What if a single, highly relevant document is too large to fit in the remaining budget? In the previous example, we would simply skip it. A better approach is to truncate the document so that at least part of it can be included.
The truncate_to_token_limit function is perfect for this. Let's modify our logic to include this step.
# Reset budget for a new example
budget = TokenBudgetManager(budget_limit=150) # A smaller budget for demonstration
budget.use_tokens(count_tokens(system_prompt))
budget.use_tokens(count_tokens(user_query))
final_prompt_context_truncated = [system_prompt, user_query]
print(f"\n--- Truncation Example ---")
print(f"Starting budget: {budget.budget_limit}, Remaining after prompts: {budget.get_remaining_budget()}")

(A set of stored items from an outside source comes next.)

(* Let $(\mathcal A;\mathcal E)$ be an exact category and let $\mathcal J_1,\mathcal J_2$ be ideals of $\mathcal A$. If $\mathcal J_1$ and $\mathcal J_2$ are monic preenveloping, then so are $\mathcal J_1\cap\mathcal J_2$ and $\mathcal J_1+\mathcal J_2$. Dually, if $\mathcal J_1$ and $\mathcal J_2$ are epic precovering, then so are $\mathcal J_1\cap\mathcal J_2$ and $\mathcal J_1+\mathcal J_2$.
   Context: An exact category $(\mathcal A;\mathcal E)$ (in the sense of Quillen/Keller/Bühler) is an additive category $\mathcal A$ with a class $\mathcal E$ of kernel–cokernel pairs $B\xrightarrow{m}C\xrightarrow{p}A$, called conflations ($m$ an inflation, $p$ a deflation), closed under isomorphism, containing identities as inflations/deflations, with inflations and deflations closed under composition, and with pushouts of inflations along arbitrary morphisms existing and being inflations (dually for pullbacks of deflations). An ideal $\mathcal J$ of $\mathcal A$ is a family of subgroups $\mathcal J(A,B)\subseteq\mathrm{Hom}(A,B)$ closed under composition on either side with arbitrary morphisms; $\mathcal J_1\cap\mathcal J_2$ and $\mathcal J_1+\mathcal J_2$ are formed objectwise. $\mathcal J$ is preenveloping if every object $B$ has a $\mathcal J$-preenvelope: a morphism $j:B\to J$ in $\mathcal J$ through which every morphism in $\mathcal J$ with domain $B$ factors. $\mathcal J$ is monic preenveloping if every object $B$ admits a $\mathcal J$-preenvelope that is an inflation. Dually, $\mathcal I$ is epic precovering if every object admits an $\mathcal I$-precover (a morphism in $\mathcal I$ into it through which every morphism of $\mathcal I$ into it factors) that is a deflation. *)

From HB Require Import structures.
From mathcomp Require Import all_boot all_algebra.
Set Implicit Arguments. Unset Strict Implicit. Unset Printing Implicit Defensive.
Import GRing.Theory.
Local Open Scope ring_scope.

Record PreaddCat := {
  Ob : Type;
  Hom : Ob -> Ob -> zmodType;
  comp : forall A B C : Ob, Hom B C -> Hom A B -> Hom A C;
  idm : forall A : Ob, Hom A A;
  compA : forall A B C D (h : Hom C D) (g : Hom B C) (f : Hom A B),
      comp h (comp g f) = comp (comp h g) f;
  comp1m : forall A B (f : Hom A B), comp (idm B) f = f;
  compm1 : forall A B (f : Hom A B), comp f (idm A) = f;
  compDl : forall A B C (g g' : Hom B C) (f : Hom A B),
      comp (g + g') f = comp g f + comp g' f;
  compDr : forall A B C (g : Hom B C) (f f' : Hom A B),
      comp g (f + f') = comp g f + comp g f'
}.

Arguments comp {p A B C} _ _.
Arguments idm {p} A.
Arguments Hom : clear implicits.

Section Basics.
Variable C : PreaddCat.
Local Notation Obj := (Ob C).
Local Notation Hm := (Hom C).

Definition is_iso (A B : Obj) (f : Hm A B) : Prop :=
  exists g : Hm B A, comp g f = idm A /\ comp f g = idm B.

Definition is_kernel (B X A : Obj) (m : Hm B X) (p : Hm X A) : Prop :=
  comp p m = 0 /\
  forall (T : Obj) (x : Hm T X), comp p x = 0 ->
    exists y : Hm T B, comp m y = x /\
      forall y' : Hm T B, comp m y' = x -> y' = y.

Definition is_cokernel (B X A : Obj) (m : Hm B X) (p : Hm X A) : Prop :=
  comp p m = 0 /\
  forall (T : Obj) (x : Hm X T), comp x m = 0 ->
    exists y : Hm A T, comp y p = x /\
      forall y' : Hm A T, comp y' p = x -> y' = y.

Definition kernel_cokernel_pair (B X A : Obj) (m : Hm B X) (p : Hm X A) :=
  is_kernel m p /\ is_cokernel m p.

Definition is_pushout (B X B' X' : Obj) (m : Hm B X) (f : Hm B B')
    (g : Hm X X') (m' : Hm B' X') : Prop :=
  comp g m = comp m' f /\
  forall (T : Obj) (x : Hm X T) (y : Hm B' T), comp x m = comp y f ->
    exists u : Hm X' T, (comp u g = x /\ comp u m' = y) /\
      forall u' : Hm X' T, comp u' g = x -> comp u' m' = y -> u' = u.

Definition is_pullback (X A A' X' : Obj) (p : Hm X A) (f : Hm A' A)
    (g : Hm X' X) (p' : Hm X' A') : Prop :=
  comp p g = comp f p' /\
  forall (T : Obj) (x : Hm T X) (y : Hm T A'), comp p x = comp f y ->
    exists u : Hm T X', (comp g u = x /\ comp p' u = y) /\
      forall u' : Hm T X', comp g u' = x -> comp p' u' = y -> u' = u.

End Basics.

Record AddCat := {
  add_pre :> PreaddCat;
  zero_object : exists Z : Ob add_pre, idm Z = 0;
  biproducts : forall A B : Ob add_pre, exists (S : Ob add_pre)
      (i1 : Hom add_pre A S) (i2 : Hom add_pre B S)
      (p1 : Hom add_pre S A) (p2 : Hom add_pre S B),
      [/\ comp p1 i1 = idm A, comp p2 i2 = idm B,
          comp p1 i2 = 0, comp p2 i1 = 0 &
          comp i1 p1 + comp i2 p2 = idm S]
}.

Record ExactCat := {
  ex_add :> AddCat;
  conf : forall B X A : Ob ex_add, Hom ex_add B X -> Hom ex_add X A -> Prop;
  conf_kc : forall B X A (m : Hom ex_add B X) (p : Hom ex_add X A),
      conf m p -> kernel_cokernel_pair m p;
  conf_iso : forall B X A B' X' A' (m : Hom ex_add B X) (p : Hom ex_add X A)
      (m' : Hom ex_add B' X') (p' : Hom ex_add X' A')
      (a : Hom ex_add B B') (b : Hom ex_add X X') (c : Hom ex_add A A'),
      conf m p -> is_iso a -> is_iso b -> is_iso c ->
      comp b m = comp m' a -> comp c p = comp p' b -> conf m' p';
  conf_id_infl : forall A : Ob ex_add,
      exists (Z : Ob ex_add) (p : Hom ex_add A Z), conf (idm A) p;
  conf_id_defl : forall A : Ob ex_add,
      exists (Z : Ob ex_add) (m : Hom ex_add Z A), conf m (idm A);
  conf_infl_comp : forall B X Y (m : Hom ex_add B X) (n : Hom ex_add X Y),
      (exists A (p : Hom ex_add X A), conf m p) ->
      (exists A (p : Hom ex_add Y A), conf n p) ->
      exists A (p : Hom ex_add Y A), conf (comp n m) p;
  conf_defl_comp : forall X Y A (p : Hom ex_add X Y) (q : Hom ex_add Y A),
      (exists B (m : Hom ex_add B X), conf m p) ->
      (exists B (m : Hom ex_add B Y), conf m q) ->
      exists B (m : Hom ex_add B X), conf m (comp q p);
  conf_pushout : forall B X B' (m : Hom ex_add B X) (f : Hom ex_add B B'),
      (exists A (p : Hom ex_add X A), conf m p) ->
      exists X' (g : Hom ex_add X X') (m' : Hom ex_add B' X'),
        is_pushout m f g m' /\ exists A (p : Hom ex_add X' A), conf m' p;
  conf_pullback : forall X A A' (p : Hom ex_add X A) (f : Hom ex_add A' A),
      (exists B (m : Hom ex_add B X), conf m p) ->
      exists X' (g : Hom ex_add X' X) (p' : Hom ex_add X' A'),
        is_pullback p f g p' /\ exists B (m : Hom ex_add B X'), conf m p'
}.

Section Ideals.
Variable E : ExactCat.
Local Notation Obj := (Ob E).
Local Notation Hm := (Hom E).

Definition inflation (B X : Obj) (m : Hm B X) : Prop :=
  exists (A : Obj) (p : Hm X A), conf m p.
Definition deflation (X A : Obj) (p : Hm X A) : Prop :=
  exists (B : Obj) (m : Hm B X), conf m p.

Definition morph_class := forall A B : Obj, Hm A B -> Prop.

Definition is_ideal (J : morph_class) : Prop :=
  (forall A B, J A B 0) /\
  (forall A B (f g : Hm A B), J A B f -> J A B g -> J A B (f - g)) /\
  (forall A B X (f : Hm A B) (h : Hm B X), J A B f -> J A X (comp h f)) /\
  (forall A B X (f : Hm A B) (h : Hm X A), J A B f -> J X B (comp f h)).

Definition ideal_cap (J1 J2 : morph_class) : morph_class :=
  fun A B f => J1 A B f /\ J2 A B f.

Definition ideal_sum (J1 J2 : morph_class) : morph_class :=
  fun A B f => exists g h : Hm A B, J1 A B g /\ J2 A B h /\ f = g + h.

Definition is_preenvelope (J : morph_class) (B Y : Obj) (j : Hm B Y) : Prop :=
  J B Y j /\
  forall (X : Obj) (f : Hm B X), J B X f -> exists g : Hm Y X, comp g j = f.

Definition is_precover (J : morph_class) (Y B : Obj) (j : Hm Y B) : Prop :=
  J Y B j /\
  forall (X : Obj) (f : Hm X B), J X B f -> exists g : Hm X Y, comp j g = f.
Lemma cexpN (z : C) : cexp (- z) = (cexp z)^-1.
Proof.
apply: (mulfI (cexp_neq0 z)).
by rewrite -cexpD subrr cexp0 mulfV ?cexp_neq0.
Qed.

Lemma csinhE (z : C) : csinh z = (cexp z - (cexp z)^-1) / 2.
Proof. by rewrite /csinh cexpN. Qed.

Lemma csinhN (z : C) : csinh (- z) = - csinh z.
Proof. by rewrite !csinhE cexpN invrK -mulNr opprB. Qed.

Lemma csinh0 : csinh (0 : C) = 0.
Proof. by rewrite csinhE cexp0 invr1 subrr mul0r. Qed.

Lemma csinh_exchange (A B x y : C) :
  csinh (A - x) * csinh (B - y) - csinh (A - y) * csinh (B - x)
  = csinh (A - B) * csinh (x - y).
Proof.
rewrite !csinhE !cexpD !cexpN.
have := cexp_neq0 A; have := cexp_neq0 B; have := cexp_neq0 x; have := cexp_neq0 y.
have two_neq0 : (2 : C) != 0 by rewrite pnatr_eq0.
move=> ny nx nB nA; field; by rewrite ?nA ?nB ?nx ?ny ?two_neq0.
Qed.

End ComplexSinh.

Section AlternatingPairProduct.
Variables (F : numFieldType) (m : nat).
Variables (f g : nat -> F -> F) (h : nat -> nat -> F).

Definition pair_term (X : 'I_m -> F) (sg : 'S_m) (p : 'I_m * 'I_m) : F :=
  f (sg p.2) (X p.1) * g (sg p.1) (X p.2) / h (sg p.2) (sg p.1).

Definition pair_prod (X : 'I_m -> F) (sg : 'S_m) : F :=
  \prod_(k < m) \prod_(j < m | (k < j)%N) pair_term X sg (k, j).

Definition alt_pair_sum (X : 'I_m -> F) : F :=
  \sum_(sg : 'S_m) (-1) ^+ sg * pair_prod X sg.

Variables (i0 i1 : 'I_m).
Hypothesis i1E : val i1 = (val i0).+1.
Local Notation t := (tperm i0 i1).

Lemma tperm_adj_val (a : 'I_m) : val (t a) =
  if val a == val i0 then val i1 else if val a == val i1 then val i0 else val a.
Proof.
case: tpermP => [->|->|a0 a1]; rewrite ?eqxx //.
- by rewrite i1E (_ : ((val i0).+1 == val i0) = false) ?eqxx //; lia.
- have /negbTE -> : val a != val i0 by apply/eqP => /val_inj.
  by have /negbTE -> : val a != val i1 by apply/eqP => /val_inj.
Qed.
Definition is_lcm_of (S : nat -> Prop) (d : nat) : Prop :=
  (forall x, S x -> (x %| d)%N) /\
  (forall m, (forall x, S x -> (x %| m)%N) -> (d %| m)%N).

From HB Require Import structures.
From mathcomp Require Import all_boot all_order all_algebra.
From mathcomp Require Import zify ring.
Set Implicit Arguments. Unset Strict Implicit. Unset Printing Implicit Defensive.
Import Order.TTheory GRing.Theory Num.Theory.

(* Since v_p(t) <= floor(t/p), we get t q_a | q_(a+t); this gives
   the lcm description of q_n and drives the upper bound.  Integer-valued polynomials of degree <= n are exactly the
   integer combinations of the binomial polynomials binom j = (X choose j),
   j <= n (via the forward difference Delta).  As D = log (1 + Delta),
   binom j' = sum_(k < j) (-1)^(j-k-1)/(j-k) binom k, so the property "the
   coefficient r_i of binom i satisfies q_(n-i) r_i in Z" is stable under
   differentiation, and it forces q_n P(z) in Z.  For a prime p <= n and m = floor(n/p), the number
   p^m binom (m p)^(m)(0) is congruent to +-1 modulo p Z_(p); evaluating
   l binom (m p)^(m) at 0 therefore shows p^m | l for every admissible l. *)

(** * Valuation estimates *)

Lemma expn_ge_lin p v : (1 < p)%N -> ((p - 1) * v + 1 <= p ^ v)%N.
Proof.
move=> p_gt1; elim: v => [|v IH]; first by rewrite muln0 expn0.
have : (1 <= p ^ v)%N by rewrite expn_gt0; lia.
rewrite expnS; nia.
Qed.

Lemma logn_lin_bound p t : prime p -> (0 < t)%N -> ((p - 1) * logn p t + 1 <= t)%N.
Proof.
move=> p_pr t_gt0; apply: leq_trans (expn_ge_lin (logn p t) (prime_gt1 p_pr)) _.
exact: dvdn_leq t_gt0 (pfactor_dvdnn p t).
Qed.

(* Legendre-type bound v_p(t) <= floor(t/p): it makes q_n superadditive. *)
Lemma logn_le_divn p t : prime p -> (0 < t)%N -> (logn p t <= t %/ p)%N.
Proof.
move=> p_pr t_gt0; have p_gt1 := prime_gt1 p_pr.
rewrite leq_divRL; last lia.
case Ev: (logn p t) => [//|v].
have : (p ^ v.+1 <= t)%N by rewrite -Ev; exact: dvdn_leq (pfactor_dvdnn p t).
have := expn_ge_lin v p_gt1; rewrite expnS; nia.
Qed.

Lemma logn_lin_bound_gt p s : prime p -> (p < s)%N -> (p + (p - 1) * logn p s <= s)%N.
Proof.
move=> p_pr p_lt_s; have p_gt1 := prime_gt1 p_pr.
have s_gt0 : (0 < s)%N by lia.
have ps_le : (p ^ logn p s <= s)%N by exact: dvdn_leq (pfactor_dvdnn p s).
case Ev: (logn p s) ps_le => [|[|v]] ps_le; first by rewrite muln0 addn0 ltnW.
- have /dvdnP[w s_eq] : (p %| s)%N by rewrite -(expn1 p) pfactor_dvdn // Ev.
  rewrite s_eq in p_lt_s *.
  have : (1 < w)%N by case: w {s_eq} p_lt_s => [|[|w]]; rewrite ?mul0n ?mul1n ?ltnn.
  nia.
- have := expn_ge_lin v.+1 p_gt1; move: ps_le; rewrite expnS; nia.
Qed.

Lemma leq_divnD a b p : (a %/ p + b %/ p <= (a + b) %/ p)%N.
Proof.
case: p => [|p]; first by rewrite !divn0.
by rewrite (divnD a b (ltn0Sn p)) leq_addr.
Qed.

Definition prime_prod (M : nat) (f : nat -> nat) : nat :=
  (\prod_(p < M | prime p) p ^ f p)%N.

Lemma prime_prod_gt0 M f : (0 < prime_prod M f)%N.
Proof.
rewrite /prime_prod; elim/big_ind: _ => // [x y|i i_pr].
  by rewrite muln_gt0 => ->.
by rewrite expn_gt0 prime_gt0.
Qed.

for i, doc in enumerate(retrieved_documents):
doc_tokens = count_tokens(doc, tokenizer=Tokenizer.CL100K_BASE)
remaining_budget = budget.get_remaining_budget()
if remaining_budget <= 0:
print("No budget remaining. Stopping.")
break
if doc_tokens > remaining_budget:
# Document is too large, so we truncate it
print(f"Document {i+1} ({doc_tokens} tokens) is too large. Truncating to fit {remaining_budget} tokens.")
truncated_doc = truncate_to_token_limit(
doc,
max_tokens=remaining_budget,
tokenizer=Tokenizer.CL100K_BASE
)
final_prompt_context_truncated.append(truncated_doc)
# Use up the rest of the budget
actual_tokens = count_tokens(truncated_doc)
budget.use_tokens(actual_tokens)
print(f"Added truncated document ({actual_tokens} tokens). Remaining budget: {budget.get_remaining_budget()}")
# No more space left, so we stop
break
else:
# Document fits perfectly
budget.use_tokens(doc_tokens)
final_prompt_context_truncated.append(doc)
print(f"Added Document {i+1} ({doc_tokens} tokens). Remaining budget: {budget.get_remaining_budget()}")
# Finally, combine all parts into a single string to send to the LLM
final_prompt = "\n\n".join(final_prompt_context_truncated)
By combining token counting, budget management, and dynamic truncation, you can build systems that automatically and intelligently manage the LLM's context window. This prevents runtime errors from oversized prompts, helps control API costs, and ensures that the most valuable information is always included in the context provided to the model.